Melihat sarung Pak Rt- Papa Olla nyaris melorot, Hiro mengambil alih kasur yang menyangkut. Memprediksi Dona akan mendarat sebelum kasur berada di posisi strategis, Hiro dengan cepat mendorong dorong kuat kasur itu.
Duaaagh...
Selamat kah?
Saking paniknya melihat pertahanan Dona terlepas, semua orang malah terpaku sembari menutup mata di seperkian detik.
"Lo memang pangeran penyelamat gue..." Dona menangis setengah terharu menatap Hiro yang ternyata peduli padanya. Tubuhnya masih terlentang shock di atas kasur empuk.
Kecuali Hiro yang masih stay cool, semua mata yang terpejam takut, kompak membuka mata. Lega mendengar suara Dona yang berarti selamat dari celaka.

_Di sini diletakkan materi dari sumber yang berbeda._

(* Let $(X_t)_{t\ge0}$ be the Ornstein--Uhlenbeck process $dX_t=-X_t\,dt+\sqrt2\,dB_t$ started from a norm-subgaussian random vector $X_0=X$ in $\mathbb{R}^d$. If $T_1\ge\log\frac{\|X\|_{\psi_2}}{\sqrt d}$, then $\|X_{T_1}\|_{\psi_2}\le3\sqrt d$.
   Context: For an $\mathbb{R}^d$-valued random variable $X$, $\|X\|_{\psi_2}:=\inf\{t>0:\mathbb{E}[e^{\|X\|^2/t^2}]\le2\}$ ($\|\cdot\|$ Euclidean norm); $X$ is norm-subgaussian if this is finite. *)

From HB Require Import structures.
From mathcomp Require Import all_boot all_order all_algebra.
From mathcomp Require Import all_classical all_reals all_analysis.
From mathcomp Require Import normal_distribution.
Set Implicit Arguments. Unset Strict Implicit. Unset Printing Implicit Defensive.
Import Order.TTheory GRing.Theory Num.Theory.
Local Open Scope classical_set_scope.
Local Open Scope ring_scope.

Definition sqnorm {R : realType} (n : nat) (x : 'I_n -> R) : R :=
  \sum_(i < n) x i ^+ 2.

(* ||Y||_{psi_2} = inf { t > 0 : E[exp(||Y||^2 / t^2)] <= 2 }, in \bar R
   (+oo when the set is empty). A random vector Y in R^n is given by its
   coordinate random variables Y i : T -> R. *)
Definition psi2 {d} {T : measurableType d} {R : realType}
  (P : probability T R) (n : nat) (Y : 'I_n -> T -> R) : \bar R :=
  ereal_inf [set t%:E | t in [set t : R | 0 < t /\
     (\int[P]_w (expR (sqnorm (fun i => Y i w) / t ^+ 2))%:E <= 2%:E)%E]].

(* Z = (Z_1..Z_n) is a standard Gaussian vector N(0, I_n) independent of
   X = (X_1..X_n): joint law of (X, Z) on measurable rectangles is the
   product of the law of X and the n-fold product of N(0,1). *)
Definition indep_std_gaussian {d} {T : measurableType d} {R : realType}
  (P : probability T R) (n : nat) (X Z : 'I_n -> T -> R) : Prop :=
  forall (A B : 'I_n -> set R),
    (forall i, measurable (A i)) -> (forall i, measurable (B i)) ->
    P (\bigcap_(i in [set: 'I_n]) (X i @^-1` A i) `&`
       \bigcap_(i in [set: 'I_n]) (Z i @^-1` B i)) =
    (P (\bigcap_(i in [set: 'I_n]) (X i @^-1` A i)) *
     \prod_(i < n) normal_prob 0 1 (B i))%E.

(* Marginal at time t of the OU process dX_t = -X_t dt + sqrt 2 dB_t started
   at X_0 = X:  X_t = e^{-t} X + sqrt(1 - e^{-2t}) Z, Z ~ N(0,I) indep. of X. *)
Definition ou_at {T : Type} {R : realType} (n : nat)
  (X Z : 'I_n -> T -> R) (t : R) : 'I_n -> T -> R :=
  fun i w => expR (- t) * X i w + Num.sqrt (1 - expR (- (2 * t))) * Z i w.

From HB Require Import structures.
From mathcomp Require Import all_boot all_order all_algebra.
From mathcomp Require Import all_classical all_reals all_analysis.
From mathcomp Require Import normal_distribution measurable_realfun.
From mathcomp Require Import ring lra.
Import Order.TTheory GRing.Theory Num.Theory.
Local Open Scope classical_set_scope.
Local Open Scope ring_scope.

(* Put a := e^{-T1} and s := sqrt (1 - e^{-2 T1}), so that X_{T1} = a X + s Z with s^2 <= 1,
   hence |X_{T1}|^2 <= 2 a^2 |X|^2 + 2 |Z|^2.  The hypothesis on T1 says a ||X||_{psi_2} <= sqrt d,
   so some t with a t < (6/5) sqrt d has E exp(|X|^2/t^2) <= 2 (any constant in (1, sqrt (3/2))
   would do instead of 6/5), and then mu := 2 a^2 t^2 / (3 d) <= 1.  Convexity of exp, used twice,
   and Jensen's inequality over the coordinates of Z give pointwise
     exp(|X_{T1}|^2 / 9d) <= (1 - mu)/3 + (mu/3) exp(|X|^2/t^2) + 2/(3d) sum_i exp(Z_i^2/3),
   and E exp(Z_i^2/3) = sqrt 3 for a standard Gaussian Z_i, so
     E exp(|X_{T1}|^2 / 9d) <= (1 + mu)/3 + (2/3) sqrt 3 <= 2. *)

Section expR_convexity.
Context {R : realType}.

Lemma expR_convex (l a b : R) : 0 <= l <= 1 ->
  expR (l * a + (1 - l) * b) <= l * expR a + (1 - l) * expR b.
Proof. by case/andP=> l0 l1; exact: (convex_expR (Itv01 l0 l1) a b). Qed.

Lemma jensen_expR (I : finType) (w c : I -> R) :
  (forall i, 0 <= w i) -> \sum_i w i = 1 ->
  expR (\sum_i w i * c i) <= \sum_i w i * expR (c i).
Proof.
move=> w0 w1; set m := \sum_i w i * c i.
have tangent x : expR m * (1 + (x - m)) <= expR x.
  by rewrite -[in leRHS](subrK m x) expRD mulrC ler_wpM2r ?expR_ge0 ?expR_ge1Dx.
apply: le_trans (ler_sum _ (fun i _ => ler_wpM2l (w0 i) (tangent (c i)))).
under eq_bigr do rewrite mulrCA mulrDr mulr1 mulrBr.
rewrite -mulr_sumr big_split sumrB /= -mulr_suml w1 -/m mul1r subrr.
by rewrite addr0 mulr1.
Qed.

Lemma expR_split_le {mu u v q : R} : 0 <= mu <= 1 ->
  q <= mu * u / 3 + 2 / 3 * v ->
  expR q <= (1 - mu) / 3 + mu / 3 * expR u + 2 / 3 * expR v.
Proof.
move=> mu01 hq.
have third01 : 0 <= (1 / 3 : R) <= 1.
  by rewrite divr_ge0 //= ler_pdivrMr // mul1r ler1n.
have := expR_convex mu u 0 mu01; rewrite mulr0 addr0 expR0 mulr1 => hu.
have := expR_convex (1 / 3) (mu * u) v third01.
rewrite (_ : 1 - 1 / 3 = 2 / 3 :> R); last by field.
rewrite -ler_expR (_ : mu * u / 3 = 1 / 3 * (mu * u)) in hq; last by field.
lra.
Qed.
Lemma braid_eqs_cases (F : fieldType) (a b c d : F) :
  [/\ a * (a + b * c - 1) = 0, d * (d + b * c - 1) = 0, a * b * d = 0,
      a * c * d = 0 & a * d * (d - a) = 0] ->
  a * d - b * c != 0 ->
  [\/ [/\ a != 1, c != 0, b = (1 - a) / c & d = 0],
      [/\ d != 1, c != 0, b = (1 - d) / c & a = 0],
      [/\ b != 0, c != 0, a = 0 & d = 0] |
      [/\ a = 1, b = 0, c = 0 & d = 1]].
Proof.
move=> [e1 e2 e3 e4 e5] det_neq0.
have [a0|a0] := eqVneq a 0; have [d0|d0] := eqVneq d 0.
- move: det_neq0; rewrite a0 d0 mul0r sub0r oppr_eq0 mulf_eq0 negb_or => /andP[b0 c0].
  exact: Or43.
- have bc0 : b * c != 0 by move: det_neq0; rewrite a0 mul0r sub0r oppr_eq0.
  have bc : b * c = 1 - d.
    move/eqP: e2; rewrite mulf_eq0 (negbTE d0) subr_eq0 => /eqP <-.
    by rewrite addrAC subrr add0r.
  move: (bc0); rewrite mulf_eq0 negb_or => /andP[b0 c0].
  by apply: Or42; split; rewrite // -?bc ?mulfK // eq_sym -subr_eq0 -bc.
- have bc0 : b * c != 0 by move: det_neq0; rewrite d0 mulr0 sub0r oppr_eq0.
  have bc : b * c = 1 - a.
    move/eqP: e1; rewrite mulf_eq0 (negbTE a0) subr_eq0 => /eqP <-.
    by rewrite addrAC subrr add0r.
  move: (bc0); rewrite mulf_eq0 negb_or => /andP[b0 c0].
  by apply: Or41; split; rewrite // -?bc ?mulfK // eq_sym -subr_eq0 -bc.
- have ad_cancel z : a * z * d = 0 -> z = 0.
    by move/eqP; rewrite !mulf_eq0 (negbTE a0) (negbTE d0) orbF => /eqP.
  have b0 := ad_cancel _ e3; have c0 := ad_cancel _ e4.
  move/eqP: e5; rewrite !mulf_eq0 (negbTE a0) (negbTE d0) subr_eq0 => /eqP da.
  move/eqP: e1; rewrite mulf_eq0 (negbTE a0) b0 mul0r addr0 subr_eq0 => /eqP a1.
  by apply: Or44; split; rewrite ?da.
Qed.

Section PhiFamilies.

Variables u v w : algC.

Lemma phi_mx2_rho1 a c : a != 1 -> c != 0 ->
  phi_mx u v w (mx2 a ((1 - a) / c) c 0) =
  mx2 (u * a + w) ((u * (1 - a) + v) / c)
      (u * c + v * c / (1 - a)) (- v * a / (1 - a) + w).
Proof.
move=> a1 c0; have a1' : 1 - a != 0 by rewrite subr_eq0 eq_sym.
rewrite /phi_mx invmx_mx2; last by rewrite mulr0 sub0r oppr_eq0 divfK.
by rewrite !scale_mx2 scalar_mx2 !add_mx2; congr mx2; field; rewrite a1' c0.
Qed.

Lemma phi_mx2_rho2 c d : d != 1 -> c != 0 ->
  phi_mx u v w (mx2 0 ((1 - d) / c) c d) =
  mx2 (- v * d / (1 - d) + w) ((u * (1 - d) + v) / c)
      (u * c + v * c / (1 - d)) (u * d + w).
Proof.
move=> d1 c0; have d1' : 1 - d != 0 by rewrite subr_eq0 eq_sym.
rewrite /phi_mx invmx_mx2; last by rewrite mul0r sub0r oppr_eq0 divfK.
by rewrite !scale_mx2 scalar_mx2 !add_mx2; congr mx2; field; rewrite d1' c0.
Qed.

Lemma phi_mx2_rho3 b c : b != 0 -> c != 0 ->
  phi_mx u v w (mx2 0 b c 0) = mx2 w (u * b + v / c) (u * c + v / b) w.
Proof.
move=> b0 c0; rewrite /phi_mx invmx_mx2; last by rewrite mul0r sub0r oppr_eq0 mulf_neq0.
by rewrite !scale_mx2 scalar_mx2 !add_mx2; congr mx2; field; rewrite ?b0 ?c0.
Qed.

End PhiFamilies.

Lemma eq_equiv_sm n (rho tau rho' tau' : nat -> 'M[algC]_n) :
  (forall i, (0 < i < n)%N -> rho i = rho' i /\ tau i = tau' i) ->
  equiv_sm rho tau rho' tau'.
Proof.
by move=> E; exists 1%:M; split=> [|i /E]; rewrite ?unitmx1 // invmx1 !mul1mx !mulmx1.
Qed.
Lemma mulQAQ : Q *m A *m Q = A.
Proof.
by rewrite mulQA mulNmx mulmxA -[B *m A]opprK -AB mulNmx opprK -mulmxA BB mulmx1.
Qed.

Lemma adjmxQ : adjmx Q = - Q.
Proof. by rewrite adjmxM A_adj B_adj AB opprK. Qed.

Definition rot (a b : R) : 'M[R[i]]_d := a%:C *: 1%:M + b%:C *: Q.

Lemma adjmx_rot a b : adjmx (rot a b) = a%:C *: 1%:M - b%:C *: Q.
Proof. by rewrite adjmxD !adjmxZ adjmx1 adjmxQ !conjC_real scalerN. Qed.

Lemma rot_conj a b X :
  adjmx (rot a b) *m X *m rot a b =
  (a * a)%:C *: X + (a * b)%:C *: (X *m Q - Q *m X) - (b * b)%:C *: (Q *m X *m Q).
Proof.
rewrite adjmx_rot /rot !(mulmxDl, mulmxDr, mulNmx, mulmxN) -!scalemxAl -!scalemxAr.
rewrite !mul1mx !mulmx1 !scalerA ?mulmxA !scalerBr !rmorphM (mulrC b%:C) !addrA.
by congr (_ - _); rewrite addrAC.
Qed.

Lemma rot_conj_comm a b X : Q *m X = X *m Q ->
  adjmx (rot a b) *m X *m rot a b = (a * a + b * b)%:C *: X.
Proof.
move=> QX; rewrite rot_conj QX subrr scaler0 addr0 -mulmxA mulQQ mulmxN mulmx1.
by rewrite scalerN opprK -scalerDl rmorphD.
Qed.

Lemma rot_conj_A a b :
  adjmx (rot a b) *m A *m rot a b = (a * a - b * b)%:C *: A + (a * b *+ 2)%:C *: B.
Proof.
rewrite rot_conj mulAQ mulQAQ mulQA opprK; apply/matrixP => i j; rewrite !mxE.
by rewrite rmorphB rmorphMn !rmorphM; ring.
Qed.
(* Let $N=(A,B,C,\eta,\chi,\psi)$ be an extended $\eta$-diagram. Then $\Delta(N)\cong(A',B',C',\eta',\chi',\psi')$ where $B'=\mathrm{Hom}(B,\mathbb{Z}/4)$; $A'$ is the set of pairs $(g,h)$ with $g\colon B\to\mathbb{Z}/2$, $h\colon C\to\mathbb{Z}$ such that $g\circ\chi$ equals $h$ followed by reduction $\mathbb{Z}\to\mathbb{Z}/2$; $C'$ is the set of pairs $(f,g)$ with $f\colon A\to\mathbb{Z}$, $g\colon B\to\mathbb{Z}/2$ such that $g\circ\chi\circ\eta$ equals $f$ followed by reduction $\mathbb{Z}\to\mathbb{Z}/2$; and, with $t\colon\mathbb{Z}/2\to\mathbb{Z}/4$ and $s\colon\mathbb{Z}/4\to\mathbb{Z}/2$ the unique nonzero homomorphisms, the structure maps $\psi'\colon B'\to A'$, $\eta'\colon A'\to C'$, $\chi'\colon C'\to B'$ are $\psi'(g)=(sg,0)$, $\eta'(g,h)=(0,g)$, $\chi'(f,g)=tg$.
   Context: An extended $\eta$-diagram $N=(A,B,C,\eta,\chi,\psi)$ is a diagram of abelian groups $B\xrightarrow{\psi}A\xrightarrow{\eta}C\xrightarrow{\chi}B$ with $2\eta=0$, $\psi\chi=0$, $\chi\eta\psi=2\cdot1_B$. Let $\mathcal{J}$ be the additive category with objects $a,b,c$, generated by morphisms $\rho\colon a\to b$, $\eta\colon c\to a$, $\beta\colon b\to c$ subject to $2\rho=2\eta=2\beta=0$, $\beta\rho=0$, $\rho\eta\beta=2\cdot1_b$; explicitly $\mathcal{J}(a,a)=\mathbb{Z}$, $\mathcal{J}(a,b)=(\mathbb{Z}/2)\rho$, $\mathcal{J}(a,c)=0$, $\mathcal{J}(b,a)=(\mathbb{Z}/2)\eta\beta$, $\mathcal{J}(b,b)=\mathbb{Z}/4$, $\mathcal{J}(b,c)=(\mathbb{Z}/2)\beta$, $\mathcal{J}(c,a)=(\mathbb{Z}/2)\eta$, $\mathcal{J}(c,b)=(\mathbb{Z}/2)\rho\eta$, $\mathcal{J}(c,c)=\mathbb{Z}$. Extended $\eta$-diagrams are identified with additive functors $\mathcal{J}^{op}\to\mathrm{Ab}$ via $N(a)=A$, $N(b)=B$, $N(c)=C$, $N(\rho)=\psi$, $N(\eta)=\eta$, $N(\beta)=\chi$; morphisms are natural transformations; this category is $\mathrm{EED}$. $F_x=\mathcal{J}(-,x)$. $\Delta\colon\mathcal{J}^{op}\to\mathcal{J}$ is the functor with $\Delta(a)=c$, $\Delta(b)=b$, $\Delta(c)=a$, $\Delta(\rho)=\beta$, $\Delta(\eta)=\eta$, $\Delta(\beta)=\rho$. For $N\in\mathrm{EED}$, $\Delta(N)(x)=\mathrm{EED}(N,F_{\Delta(x)})$, functorial in $x$ via composition with $F_{\Delta(u)}$; its $A$-, $B$-, $C$-groups are $\Delta(N)(a),\Delta(N)(b),\Delta(N)(c)$. *)

From HB Require Import structures.
From mathcomp Require Import all_boot all_order all_algebra.
Set Implicit Arguments. Unset Strict Implicit. Unset Printing Implicit Defensive.
Import GRing.Theory.
Local Open Scope ring_scope.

Cecar pertanyaan awal mula bisa gelantungan di atas dari para orang tua ke Dona, Hiro pun mengambil kesempatan masuk ke rumahnya, tidak minat dirinya mendengar kecerobohan Dona.
***
Lepas dari insiden kekonyolan Dona, malam harinya Pak Fauzi mengajak istri serta kedua anaknya yakni Hiro dan Dafa, datang menghadiri acara makan malam di rumah Dona, dalam rangka syukuran hari kelahiran Pak Amar.
Sebenarnya, Hiro malas ikut serta karena pasti akan bertemu dengan Dona. Tapi Papanya memaksa untuk hadir dengan dalih menghargai undangan Pak Amar-sahabat Papanya.
"Silakan masuk!" Pak Amar menyambut keluarga Hiro dengan senyum ramah nan bahagia. Tinggal menunggu Pak RT- keluarga dari Olla.
Tak ada selera, Hiro berjalan masuk di barisan paling belakang. Celinguk dulu memindai keadaan, untuk sementara waktu ia aman dari Dona meski ujung ujungnya akan berhadapan bersama di meja makan nantinya.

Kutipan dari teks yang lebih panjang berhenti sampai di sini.